Get an API key from Anyscale. You can get it [here](https://app.endpoints.anyscale.com/credentials). Replace in [hal-9100.toml](./hal-9100.toml) the `model_api_key` with your API key.
<details>
<summary>Usage w/ ollama</summary>
<p>
1. use `model_url = "http://localhost:11434/v1/chat/completions"`
2. set `gemma:2b` in [examples/quickstart.js](./examples/quickstart.js)

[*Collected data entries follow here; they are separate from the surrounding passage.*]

(* Let $G=A\oplus T$ be an abelian group where $T$ is the torsion subgroup of $G$ (so $A\cong G/T$ is torsion-free). Then $G$ is strongly co-Hopfian if and only if both $T$ and $A$ are strongly co-Hopfian.
   Context: All groups are abelian. A group $G$ is strongly co-Hopfian if for every endomorphism $f$ of $G$ there is $n\in\mathbb N$ with $f^n(G)=f^{n+1}(G)$. *)

From HB Require Import structures.
From mathcomp Require Import all_boot all_order all_algebra.
Set Implicit Arguments. Unset Strict Implicit. Unset Printing Implicit Defensive.
Import GRing.Theory.
Local Open Scope ring_scope.

Definition in_image (G : zmodType) (g : G -> G) (y : G) : Prop :=
  exists x : G, g x = y.

Definition strongly_coHopfian (G : zmodType) : Prop :=
  forall f : {additive G -> G}, exists n : nat,
    forall y : G, in_image (iter n f) y <-> in_image (iter n.+1 f) y.

Definition torsion_group (G : zmodType) : Prop :=
  forall x : G, exists n : nat, (0 < n)%N /\ x *+ n = 0.

Definition torsion_free (G : zmodType) : Prop :=
  forall (x : G) (n : nat), (0 < n)%N -> x *+ n = 0 -> x = 0.

From HB Require Import structures.
From mathcomp Require Import all_boot all_order all_algebra.

(* An endomorphism f of A (+) T maps the torsion part T into itself, since A
   is torsion-free, so f is lower triangular with diagonal blocks f11 on A
   and f22 on T. If f11^N and f22^M have stable images, then so does
   f^(M+N): given y = f^(M+N) x, first correct x by an element of A so that
   f11^N kills its A-component; then f^N x lies in T, where the stability
   of f22 applies. Conversely, each of A and T is a retract of A (+) T, and
   stable images pass to retracts. *)

Set Implicit Arguments.
Unset Strict Implicit.
Unset Printing Implicit Defensive.

Import GRing.Theory.
Local Open Scope ring_scope.

Definition image_stable (U : zmodType) (g : U -> U) (n : nat) : Prop :=
  forall y, in_image (iter n g) y <-> in_image (iter n.+1 g) y.

Lemma in_image_iterS (U : zmodType) (g : U -> U) n y :
  in_image (iter n.+1 g) y -> in_image (iter n g) y.
Proof. by case=> x <-; exists (g x); rewrite iterSr. Qed.

Lemma image_stableP (U : zmodType) (g : U -> U) n :
  (forall y, in_image (iter n g) y -> in_image (iter n.+1 g) y) ->
  image_stable g n.
Proof. by move=> stable_g y; split; [apply: stable_g | apply: in_image_iterS]. Qed.

Lemma image_stable_iterD (U : zmodType) (g : U -> U) n k y :
  image_stable g n -> in_image (iter n g) y -> in_image (iter (k + n) g) y.
Proof.
move=> stable_g; elim: k y => [|k IHk] y // /stable_g [w <-].
have [v vE] := IHk _ (ex_intro _ w erefl).
by exists v; rewrite addSn !iterS vE.
Qed.

Lemma iter_raddfD (U : zmodType) (f : {additive U -> U}) n :
  {morph iter n f : x y / x + y}.
Proof. by elim: n => [//|n IHn] x y; rewrite !iterS IHn raddfD. Qed.

Lemma iter_raddfB (U : zmodType) (f : {additive U -> U}) n :
  {morph iter n f : x y / x - y}.
Proof. by elim: n => [//|n IHn] x y; rewrite !iterS IHn raddfB. Qed.

Lemma image_stable_retract (G U : zmodType) (F : G -> G) (g : U -> U)
    (i : U -> G) (p : G -> U) n :
  cancel i p -> (forall u, F (i u) = i (g u)) -> (forall x, p (F x) = g (p x)) ->
  image_stable F n -> image_stable g n.
Proof.
move=> iK Fi pF stable_F; have iter_Fi k u : iter k F (i u) = i (iter k g u).
  by elim: k => [//|k IHk]; rewrite !iterS IHk Fi.
have iter_pF k x : p (iter k F x) = iter k g (p x).
  by elim: k => [//|k IHk]; rewrite !iterS pF IHk.
apply: image_stableP => y [x yE].
have iy_img : in_image (iter n F) (i y) by exists (i x); rewrite iter_Fi yE.
have [w wE] := (stable_F (i y)).1 iy_img.
by exists (p w); rewrite -iter_pF wE iK.
Qed.

Lemma strongly_coHopfian_retract (G U : zmodType)
    (i : {additive U -> G}) (p : {additive G -> U}) :
  cancel i p -> strongly_coHopfian G -> strongly_coHopfian U.
Proof.
move=> iK coHopf_G g.
(* the endomorphism i g p + (1 - i p) of G acts as g on the summand i(U) *)
have [n stable_n] := coHopf_G ((i \o g \o p) \+ (idfun \- (i \o p))).
exists n; apply: image_stable_retract (iK) _ _ stable_n => [u | x] /=.
  by rewrite !iK subrr addr0.
by rewrite raddfD raddfB /= !iK subrr addr0.
Qed.

Section ProductInjections.
Variables U V : zmodType.

Definition prod_inl (u : U) : U * V := (u, 0).
Definition prod_inr (v : V) : U * V := (0, v).

Fact prod_inl_is_zmod_morphism : zmod_morphism prod_inl.
Proof. by move=> x y; rewrite /prod_inl; congr pair; rewrite /= subrr. Qed.

Fact prod_inr_is_zmod_morphism : zmod_morphism prod_inr.
Proof. by move=> x y; rewrite /prod_inr; congr pair; rewrite /= subrr. Qed.

HB.instance Definition _ :=
  GRing.isZmodMorphism.Build U (U * V)%type prod_inl prod_inl_is_zmod_morphism.
HB.instance Definition _ :=
  GRing.isZmodMorphism.Build V (U * V)%type prod_inr prod_inr_is_zmod_morphism.

Lemma prod_inlK : cancel prod_inl fst. Proof. by []. Qed.
Lemma prod_inrK : cancel prod_inr snd. Proof. by []. Qed.

Lemma prod_inlDinr (x : U * V) : prod_inl x.1 + prod_inr x.2 = x.
Proof.
by case: x => u v; rewrite /prod_inl /prod_inr; congr pair; rewrite /= ?addr0 ?add0r.
Qed.

Lemma strongly_coHopfian_fst : strongly_coHopfian (U * V)%type -> strongly_coHopfian U.
Proof. exact: strongly_coHopfian_retract prod_inlK. Qed.

Lemma strongly_coHopfian_snd : strongly_coHopfian (U * V)%type -> strongly_coHopfian V.
Proof. exact: strongly_coHopfian_retract prod_inrK. Qed.

End ProductInjections.

Arguments prod_inl {U V}.
Arguments prod_inr {U V}.

Section LowerTriangularEndomorphism.
Variables (U V : zmodType) (f : {additive U * V -> U * V}).
Hypothesis f_inr_fst : forall v, (f (prod_inr v)).1 = 0.

Let f11 : {additive U -> U} := fst \o f \o prod_inl.
Let f22 : {additive V -> V} := snd \o f \o prod_inr.

Lemma iter_fst k x : (iter k f x).1 = iter k f11 x.1.
Proof.
elim: k x => [//|k IHk] x; rewrite !iterS -IHk.
by rewrite -[in LHS](prod_inlDinr (iter k f x)) raddfD /= f_inr_fst addr0.
Qed.

Lemma iter_inr k v : iter k f (prod_inr v) = prod_inr (iter k f22 v).
Proof.
elim: k => [//|k IHk]; rewrite !iterS IHk.
by rewrite -[LHS]prod_inlDinr f_inr_fst raddf0 add0r.
Qed.

Lemma lower_triangular_image_stable m n :
  image_stable f11 n -> image_stable f22 m -> image_stable f (m + n).
Proof.
move=> stable11 stable22; apply: image_stableP => y [x <-].
have [c cE] := (stable11 (iter n f11 x.1)).1 (ex_intro _ x.1 erefl).
pose x' := x - f (prod_inl c).
have x'_fst : iter n f11 x'.1 = 0 by rewrite /= iter_raddfB -iterSr cE subrr.
have z_inr : iter n f x' = prod_inr (iter n f x').2.
  by rewrite -[LHS]prod_inlDinr iter_fst x'_fst raddf0 add0r.
have [w wE] := image_stable_iterD n.+1 stable22
  (ex_intro _ (iter n f x').2 erefl).
have x'E : iter (m + n) f x' = iter (m + n).+1 f (prod_inr w).
  by rewrite iterD z_inr !iter_inr -wE addSn addnC.
exists (prod_inr w + prod_inl c).
by rewrite iter_raddfD -x'E iterSr -iter_raddfD subrK.
Qed.

End LowerTriangularEndomorphism.

Lemma strongly_coHopfian_lower_triangular (U V : zmodType) :
  (forall f : {additive U * V -> U * V}, forall v, (f (prod_inr v)).1 = 0) ->
  strongly_coHopfian U -> strongly_coHopfian V -> strongly_coHopfian (U * V)%type.
Proof.
move=> f_inr_fst coHopf_U coHopf_V f.
have [n stable11] := coHopf_U (fst \o f \o prod_inl).
have [m stable22] := coHopf_V (snd \o f \o prod_inr).
by exists (m + n); apply: lower_triangular_image_stable.
Qed.

Lemma raddf_torsion_eq0 (U V : zmodType) (h : {additive U -> V}) u :
  torsion_group U -> torsion_free V -> h u = 0.
Proof.
move=> torU tfreeV; have [m [m_gt0 uE]] := torU u.
by apply: (tfreeV _ m m_gt0); rewrite -raddfMn uE raddf0.
Qed.

Theorem mainTheorem5 (A T : zmodType) (hT : torsion_group T) (hA : torsion_free A) :
  strongly_coHopfian (A * T)%type <-> (strongly_coHopfian T /\ strongly_coHopfian A).
Proof.
split=> [coHopf_G | [coHopf_T coHopf_A]].
  by split; [apply: strongly_coHopfian_snd coHopf_G
            | apply: strongly_coHopfian_fst coHopf_G].
apply: strongly_coHopfian_lower_triangular coHopf_A coHopf_T => f t.
exact: (raddf_torsion_eq0 (fst \o f \o prod_inr)).
Qed.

3. and run `ollama run gemma:2b & && docker compose --profile api -f docker/docker-compose.yml up`
</p>
</details>
Install OpenAI SDK: `npm i openai`
Start the infra:
```bash
docker compose --profile api -f docker/docker-compose.yml up
```
Run the [quickstart](./examples/quickstart.js):
```bash
node examples/quickstart.js
```
# 🤔 FAQ
<details>
<summary>Is there a hosted version?</summary>
No. HAL-9100 is not a hosted service. It's a software that you can deploy on your infrastructure. We can help you deploy it on your infrastructure. [Contact us](https://cal.com/louis030195/applied-ai).
</details>
<details>
<summary>Which LLM API can I use?</summary>
Examples of LLM APIs that does support OpenAI API-like, that you can use:
- ollama
- [MLC-LLM](https://github.com/mlc-ai/mlc-llm)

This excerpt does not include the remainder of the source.